You can try to identify bad bots and prevent them from entering your site. This saves a lot of bandwidth and reduces stress on your server, which in turn helps in saving power.
The primary way to do this is to block an individual or group of IP addresses. If you detect irregular traffic from a source, you should block that IP address. This approach is successful, but it is labor-intensive and time-consuming. Alternatively, you can use a bot management solution from providers like Cloudflare. These companies have an extensive database of good and bad bots. They also use artificial intelligence and machine learning to identify and block malicious bots before they can harm your site.

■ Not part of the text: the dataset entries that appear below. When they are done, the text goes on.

Lemma dotvv n (v : 'cV[R]_n) : dotv v v = norm2 v ^+ 2.
Proof. by rewrite sqr_norm2; apply: eq_bigr => i _; rewrite expr2. Qed.

Lemma dotvBr n (u v w : 'cV[R]_n) : dotv u (v - w) = dotv u v - dotv u w.
Proof. by rewrite /dotv -sumrB; apply: eq_bigr => i _; rewrite !mxE mulrBr. Qed.

Lemma dotv_le_norm2 n (u v : 'cV[R]_n) : `|dotv u v| <= norm2 u * norm2 v.
Proof.
rewrite -(ler_pXn2r (n := 2)) ?nnegrE ?mulr_ge0 ?norm2_ge0 //.
by rewrite exprMn !sqr_norm2 real_normK ?num_real //; exact: sum_mul_sqr_le.
Qed.

Lemma norm2_abs n (v : 'cV[R]_n) : norm2 (\col_i `|v i 0|) = norm2 v.
Proof.
by congr Num.sqrt; apply: eq_bigr => i _; rewrite mxE real_normK ?num_real.
Qed.

Lemma norm1_restrict_le n (S : {set 'I_n}) (v : 'cV[R]_n) :
  norm1 (restrict S v) <= Num.sqrt #|S|%:R * norm2 (restrict S v).
Proof.
pose ind : 'cV[R]_n := \col_i (if i \in S then 1 else 0).
have -> : norm1 (restrict S v) = dotv ind (\col_i `|restrict S v i 0|).
  by apply: eq_bigr => i _; rewrite !mxE; case: ifP; rewrite ?mul1r ?mul0r ?normr0.
have -> : Num.sqrt #|S|%:R = norm2 ind.
  congr Num.sqrt; rewrite (eq_bigr (fun i => if i \in S then 1 else 0)).
    by rewrite -big_mkcond sumr_const.
  by move=> i _; rewrite mxE; case: ifP; rewrite ?expr1n ?expr0n.
by rewrite -[X in _ <= _ * X]norm2_abs; exact: le_trans (ler_norm _) (dotv_le_norm2 _ _).
Qed.

Lemma norm2_restrict_subset n (S S' : {set 'I_n}) (v : 'cV[R]_n) :
  S \subset S' -> norm2 (restrict S v) <= norm2 (restrict S' v).
Proof.
move=> /subsetP sSS'; rewrite ler_sqrt ?sumr_ge0 // => [|i _]; last exact: sqr_ge0.
apply: ler_sum => i _; rewrite !mxE; case: ifP => [/sSS' -> //|_].
by rewrite expr0n sqr_ge0.
Qed.

Lemma restrictB n (S : {set 'I_n}) (u v : 'cV[R]_n) :
  restrict S u - restrict S v = restrict S (u - v).
Proof. by apply/colP => i; rewrite !mxE; case: ifP; rewrite ?subr0. Qed.
Lemma qa_entry_gt0 x : qa_cell m x -> 0 < Q x.1 x.2.
Proof. by case/and3P=> *; have [] := Q_qa.1 x.1 x.2. Qed.

Lemma qa_top_row_mono d d' : 0 < d -> d <= d' -> d' <= m -> Q 1 d <= Q 1 d'.
Proof.
move=> d_gt0 le_dd' d'_le.
apply: (homo_leq_in (D := [pred d | 0 < d <= m]) (r := leq)) => //.
- exact: leq_trans.
- by move=> i j; rewrite !inE => ? ? k; rewrite inE; lia.
- by move=> i; rewrite !inE => ? ?; apply: Q_qa.2; lia.
- by rewrite inE; lia.
- by rewrite inE; lia.
Qed.

Lemma qa_cell_on_diag x : qa_cell m x -> on_diag (x.1 + x.2 - 1) x.1 x.2.
Proof. by rewrite /qa_cell /on_diag; lia. Qed.

Lemma qa_gap x y : qa_cell m x -> qa_cell m y -> cell_le y x ->
  Q y.1 y.2 + (x.1 - y.1) <= Q x.1 x.2.
Proof.
move=> xQ yQ yx; rewrite (qa_entry xQ (qa_cell_on_diag xQ)).
rewrite (qa_entry yQ (qa_cell_on_diag yQ)).
have := @qa_top_row_mono (y.1 + y.2 - 1) (x.1 + x.2 - 1).
by move: xQ yQ yx; rewrite /qa_cell /cell_le; lia.
Qed.

Lemma C_defined_gap k x y : C_defined k Q -> on_diag k x.1 x.2 ->
  qa_cell m x -> qa_cell m y -> cell_le y x -> y.1 + y.2 < x.1 + x.2 ->
  Q y.1 y.2 + (x.1 - y.1) < Q x.1 x.2.
Proof.
move=> Ck xk xQ yQ yx lt_yx.
have k_gt1 : 1 < k by move: xk yQ lt_yx; rewrite /on_diag /qa_cell; lia.
move: Ck; rewrite /C_defined gtn_eqF // (qa_entry xQ xk).
rewrite (qa_entry yQ (qa_cell_on_diag yQ)).
have := @qa_top_row_mono (y.1 + y.2 - 1) k.-1.
by move: xk xQ yQ yx lt_yx; rewrite /on_diag /qa_cell /cell_le; lia.
Qed.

If you have a WordPress website, you must install a security plugin. Some of the most popular security add-ons (such as Sucuri Security or Wordfence) are maintained by companies that employ security researchers who monitor and fix problems. Some security plugins will automatically block some “bad” bots for you. Others let you see where unusual traffic is coming from and decide how to handle that traffic.
What about “good” bots?
As mentioned earlier, “good” bots are good because they are essential and transparent in what they do. But they can consume a lot of energy while performing their tasks, which affects the environment. Not to mention, these cute bots may not be of any use to you. Even if what they do can be considered “good”, it can harm your website and ultimately the environment. So what can you do for good bots?
1. Block them if they are not helpful
You have to think and decide if you want these “good” bots to crawl your site or not. Is it beneficial for you to get them to crawl your website? And significantly, do those who crawl you earn more than the cost of the servers, their servers, and the environment?

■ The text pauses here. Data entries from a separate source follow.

Theorem lemma4p10 (C : numClosedFieldType) (n k : nat)
    (alpha : pstring n -> C) (H : 'M[C]_(2 ^ n)) (Pi : 'M[C]_(2 ^ n * 2 ^ n)) :
  (forall P, alpha P \is Num.real) ->
  H = \sum_(P : pstring n) alpha P *: pauli C P ->
  specnorm_le1 H ->
  \tr H = 0 ->
  is_proj_D k Pi ->
  let A := Pi *m ((1%:M : 'M[C]_(2 ^ n)) *t H) *m Pi in
  forall l : nat, (2 <= l)%N ->
    `|expI (mxpow A l)| <= expI (mxpow A 2) /\
    expI (mxpow A 2) = norm2 (Hgt k alpha) ^+ 2.
Proof.
move=> alpha_real H_def H_le1 trH0 Pi_proj A l l_ge2.
have [Pi_herm Pi_idem _] := Pi_proj.
have A_herm : adj A = A.
  by rewrite /A !adjmxM adj_tens adjmx1 H_def adj_real_pauli_sum // Pi_herm mulmxA.
have A_le1 : specnorm_le1 A.
  apply: specnorm_le1_mul; last exact: specnorm_le1_proj.
  by apply: specnorm_le1_mul; [exact: specnorm_le1_proj | exact: specnorm_le1_tens1mx].
have A_sigmaI : A *m sigmaI C n = sigmaM n (Hgt k alpha).
  rewrite /A -mulmxA (proj_D_sigmaI Pi_proj) -mulmxA -/(sigmaM n H) H_def.
  by rewrite (proj_D_sigmaM_pauli_sum Pi_proj) // pauli_coef_pid_eq0 // -H_def.
have expI_A2 : expI (mxpow A 2) = vnorm2 (sigmaM n (Hgt k alpha)).
  by rewrite expI_mxpowSS // mul1mx A_sigmaI.
split; last by rewrite expI_A2 vnorm2_sigmaM.
case: l l_ge2 => [|[|l]] // _.
rewrite expI_mxpowSS // A_sigmaI expI_A2.
exact/quadratic_form_le/specnorm_le1_mxpow.
Qed.
Lemma span_mod_X1_absurd : False.
Proof.
pose Hv (l : 'I_a.+1) : mser C := fun r => if r == midx_var l then 1 else 0.
pose P := \matrix_(l < a.+1, rho < a) coord_mod_X1 (Hv l) rho.
pose E := \matrix_(rho < a, j < a.+1) K rho (midx_var j).
suff /mulmx1_min : P *m E = 1%:M by rewrite ltnn.
apply/matrixP => l j; rewrite !mxE.
under eq_bigr do rewrite !mxE.
rewrite -(expansion_mod_X1 (Hv l) (mhead_midx_var j)) /Hv (inj_eq midx_var_inj).
by rewrite eq_sym -val_eqE; case: eqP.
Qed.

End Reduction.
End Embedding.

Lemma no_injective_alg_hom (C : fieldType) :
  ~ exists phi : mser C -> ser C, is_alg_hom phi /\ injective phi.
Proof.
move=> [phi [[phiD phiZ phiM] phi_inj]].
have [a a_gt0 X1a] := phi_X1_order phiD phiZ phiM phi_inj.
have [K [e K_min]] := min_order_reps phi a.
exact: (span_mod_X1_absurd phiD phiZ phiM phi_inj a_gt0 X1a K_min).
Qed.

Local Open Scope complex_scope.

Theorem theorem1p1 (R : realType) :
  ~ exists phi : mser R[i] -> ser R[i], is_alg_hom phi /\ injective phi.
Proof. exact: no_injective_alg_hom. Qed.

Take, for example, search engine bots. You know that Google is not the only search engine out there. Crawlers from other search engines may have visited you. Let’s say you check your server logs and notice that the search engine has crawled your site 500 times today, but only brought you ten visitors. If so, can we allow these search engine bots to crawl your site? Or should you block them because you are not getting much value from this search engine?
2. Limit the crawling speed of the robot
If they support delayed crawling in robots.txt, you should limit their crawl speed so that they don’t come back every 20 seconds and crawl the same links over and over. This is very useful for medium to large sites that crawlers visit frequently. But small sites also benefit from using crawl delay. You probably won’t be updating your website’s content 100 times in a given day, even for larger websites. And if you have copyright bots visiting your site to check for copyright infringement, should they come every few hours?
You can play with the crawl rate and monitor its impact on your website. You can set a specific crawl delay rate for crawlers from different sources. Start with a small delay and increase the number when you are sure there will be no negative consequences. Unfortunately, crawl delay is not supported by Google, so you don’t need to set it for Google bots.
3. Help them crawl more efficiently
You can specify which parts of your site you don’t want robots to crawl and block from access via a robots.txt file. This not only saves energy but also helps improve your crawl budget. There are many places on your website where crawlers don’t work. For example, these may be the results of your internal search. Nobody wants to see it in the general search engines. Or, if you have a staging website, you probably don’t want people to find it.
Then, you can help bots crawl your site better by removing unnecessary links that your CMS and plugins automatically generate. For example, WordPress automatically generates an RSS feed for your website comments. Of course, this RSS feed contains a link, but hardly anyone will look at it, especially if you don’t have a lot of comments. Hence, the existence of this RSS feed may not be of value to you. This only creates another link for the crawler to crawl repeatedly and wastes energy in the process.